ABSTRACT

Oil and chemical tankers use the FRAMO system to transport cargo from ship to shore. FRAMO cargo pumps, which are installed inside cargo tanks, are an essential component of the system. The results of the purging operation are used to determine whether or not these cargo pumps are operationally ready. The purging procedures confirm the integrity of the sealing arrangements on both the cargo and hydraulic systems. The cofferdam that separates the cargo from the hydraulic fluid collects any leakage from the FRAMO cargo pump’s seals. The AUDRINO control board and electronic control of various solenoid-signaled hydraulic actuated valves are recommended for this automated purging procedure. Control signals from the shore control center or the inbuilt timer circuit can be delivered via IoT. This control board also oversees the purging sequence. The leak-off liquid is lifted from the cofferdam space to the sample container by automated purging.

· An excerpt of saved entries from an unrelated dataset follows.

From HB Require Import structures.
From mathcomp Require Import all_boot all_order all_algebra.
From mathcomp Require Import all_classical all_reals all_analysis.
From Stdlib Require List.
Set Implicit Arguments. Unset Strict Implicit. Unset Printing Implicit Defensive.
Import Order.TTheory GRing.Theory Num.Theory.
Local Open Scope ring_scope.
Local Open Scope classical_set_scope.

(** Since [C_τ = E] and [τ] is Fatou, every [e] is disjoint from the kernel
[⋂ T_n] of a normal sequence [(T_n)] of solid, order closed neighbourhoods of
zero.  Choose [s_0 ≤ s_1 ≤ …] such that [x(s_j) - l] lies in the [(j+1)]-st set
of the sequence of every earlier [x(s_i) - l].  Given [y], let [v ≥ 0] lie below
all eventual upper bounds of [b_j = |x(s_j) - l| ∧ |y|].  The Archimedean
property forces [v = 0] as soon as [v ⊥ b_j] for all [j]: then [z - v] is an
eventual upper bound of [(b_j)] whenever [z] is, so [n v ≤ |y|] for all [n].
For the disjointness fix [i]: the partial sums [S_n] of the tail
[(|x(s_j) - l|)_(j > i)] stay in every [T_m], hence so do the [v ∧ S_n]; these
increase to [v] in order (by the same Archimedean argument) and [T_m] is order
closed, so [v] lies in the kernel of the sequence of [x(s_i) - l]. *)

Section VectorLatticeAlgebra.
Variables (R : realType) (E : lmodType R) (L : vector_lattice E).
Local Notation "x ⪯ y" := (vle L x y) (at level 70, no associativity).
Local Notation "x ⊓ y" := (vmeet L x y) (at level 40, left associativity).
Local Notation "x ⊔ y" := (vjoin L x y) (at level 40, left associativity).

Lemma vle_add2r z x y : (x + z ⪯ y + z) <-> (x ⪯ y).
Proof. by split=> [/(vle_add (- z))|/(vle_add z)]; rewrite ?addrK. Qed.

Lemma vle_addl z x y : x ⪯ y -> z + x ⪯ z + y.
Proof. by rewrite ![z + _]addrC => /(vle_add z). Qed.

Lemma vle_add2 x y z t : x ⪯ y -> z ⪯ t -> x + z ⪯ y + t.
Proof. by move=> /(vle_add z) xy /(vle_addl y); apply: vle_trans. Qed.

Lemma vle_subr_addr x y z : (x ⪯ y - z) <-> (x + z ⪯ y).
Proof. by rewrite -(vle_add2r z) subrK. Qed.

Lemma subv_ge0 x y : (0 ⪯ y - x) <-> (x ⪯ y).
Proof. by rewrite vle_subr_addr add0r. Qed.

Lemma vle_opp x y : x ⪯ y -> - y ⪯ - x.
Proof. by move=> /subv_ge0 xy; apply/subv_ge0; rewrite opprK addrC. Qed.

Lemma vleI2 x y z t : x ⪯ z -> y ⪯ t -> x ⊓ y ⪯ z ⊓ t.
Proof.
move=> xz yt; apply: vmeet_greatest.
- exact: vle_trans (vmeet_lbl _ _ _) xz.
- exact: vle_trans (vmeet_lbr _ _ _) yt.
Qed.

Lemma vmeetC x y : x ⊓ y = y ⊓ x.
Proof.
by apply: vle_anti; apply: vmeet_greatest; [apply: vmeet_lbr|apply: vmeet_lbl
  |apply: vmeet_lbr|apply: vmeet_lbl].
Qed.

Lemma vjoinC x y : x ⊔ y = y ⊔ x.
Proof.
by apply: vle_anti; apply: vjoin_least; [apply: vjoin_ubr|apply: vjoin_ubl
  |apply: vjoin_ubr|apply: vjoin_ubl].
Qed.

Lemma vjoinDr x y z : (x + z) ⊔ (y + z) = x ⊔ y + z.
Proof.
apply: vle_anti.
  by apply: vjoin_least; apply/vle_add2r; [apply: vjoin_ubl|apply: vjoin_ubr].
by apply/vle_subr_addr/vjoin_least; apply/vle_subr_addr;
  [apply: vjoin_ubl|apply: vjoin_ubr].
Qed.

Lemma oppv_join x y : - (x ⊔ y) = - x ⊓ - y.
Proof.
apply: vle_anti.
  by apply: vmeet_greatest; apply: vle_opp; [apply: vjoin_ubl|apply: vjoin_ubr].
rewrite -[_ ⊓ _]opprK; apply: vle_opp; apply: vjoin_least;
  rewrite -[X in X ⪯ _]opprK; apply: vle_opp; [apply: vmeet_lbl|apply: vmeet_lbr].
Qed.

Lemma vmeet_add_join x y : x ⊓ y + x ⊔ y = x + y.
Proof.
have -> : x ⊓ y = - ((- x) ⊔ (- y)) by rewrite oppv_join !opprK.
have -> : x ⊔ y = (- x) ⊔ (- y) + (x + y).
  by rewrite -vjoinDr addKr [x + y]addrC addKr vjoinC.
by rewrite addrA addNr add0r.
Qed.

Lemma vle_add_sub_meet b q v z : v ⪯ q - q ⊓ b -> b ⪯ z -> q ⪯ z -> b + v ⪯ z.
Proof.
move=> vq bz qz; apply: vle_trans (vle_addl b vq) _.
have -> : b + (q - q ⊓ b) = q ⊔ b.
  by apply/eqP; rewrite addrA subr_eq [_ + q ⊓ b]addrC vmeet_add_join addrC.
exact: vjoin_least.
Qed.

Lemma vsum_ge0 (I : Type) (r : seq I) (P : pred I) (F : I -> E) :
  (forall i, P i -> 0 ⪯ F i) -> 0 ⪯ \sum_(i <- r | P i) F i.
Proof.
apply: (big_ind (fun z => 0 ⪯ z)) => [|x y x0 y0]; first exact: vle_refl.
by rewrite -(addr0 0); apply: vle_add2.
Qed.

Section NonnegativeSums.
Variable f : nat -> E.
Hypothesis f_ge0 : forall j, 0 ⪯ f j.

Lemma vle_sum_nat_widen k n1 n2 : (n1 <= n2)%N ->
  \sum_(k <= j < n1) f j ⪯ \sum_(k <= j < n2) f j.
Proof.
move=> n12; have [kn1|n1k] := leqP k n1.
  rewrite [X in _ ⪯ X](@big_cat_nat _ _ _ n1) //= -[X in X ⪯ _]addr0.
  by apply: vle_addl; apply: vsum_ge0.
by rewrite big_geq ?(ltnW n1k) //; apply: vsum_ge0.
Qed.

Lemma vle_sum_nat_last k j : (k <= j)%N -> f j ⪯ \sum_(k <= i < j.+1) f i.
Proof.
move=> kj; rewrite big_nat_recr //= -[X in X ⪯ _]add0r.
by apply: vle_add; apply: vsum_ge0.
Qed.

End NonnegativeSums.

Definition ev_ub (b : nat -> E) (z : E) : Prop :=
  exists k, forall j, (k <= j)%N -> b j ⪯ z.

Definition lb_ev_ub (b : nat -> E) (v : E) : Prop :=
  forall z, ev_ub b z -> v ⪯ z.

Lemma ev_ubI b z1 z2 : ev_ub b z1 -> ev_ub b z2 -> ev_ub b (z1 ⊓ z2).
Proof.
move=> [k1 h1] [k2 h2]; exists (maxn k1 k2) => j; rewrite geq_max => /andP[j1 j2].
by apply: vmeet_greatest; [apply: h1|apply: h2].
Qed.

The identification of the liquid is essential for obtaining the purging result. The method proposed in this paper employs three distinct sensors to identify the liquid in the cofferdam space in the autonomous ship environment. The three parameters are density meter, pH meter, and a color sensor. These three characteristics distinguish the cargo liquid from the hydraulic oil used in the system. This test result is useful for cargo operation planning. The content received in the cofferdam is revealed by comparing the measured data set to the preloaded database. The major goal of this research is to use physicochemical data to predict oil content. Two distinct data sets were obtained in this investigation. These data sets include three major cargo and hydraulic oil physicochemical properties. Using the random forests algorithm, the instances were effectively identified as cargo oil or hydraulic oil with an accuracy of 98.6229%. The detection of both cargo oil and hydraulic oil was then classified using three distinct data mining techniques: k-near- est-neighbor, support vector machines, and random forests. The random forests algorithm provided the best accurate classification.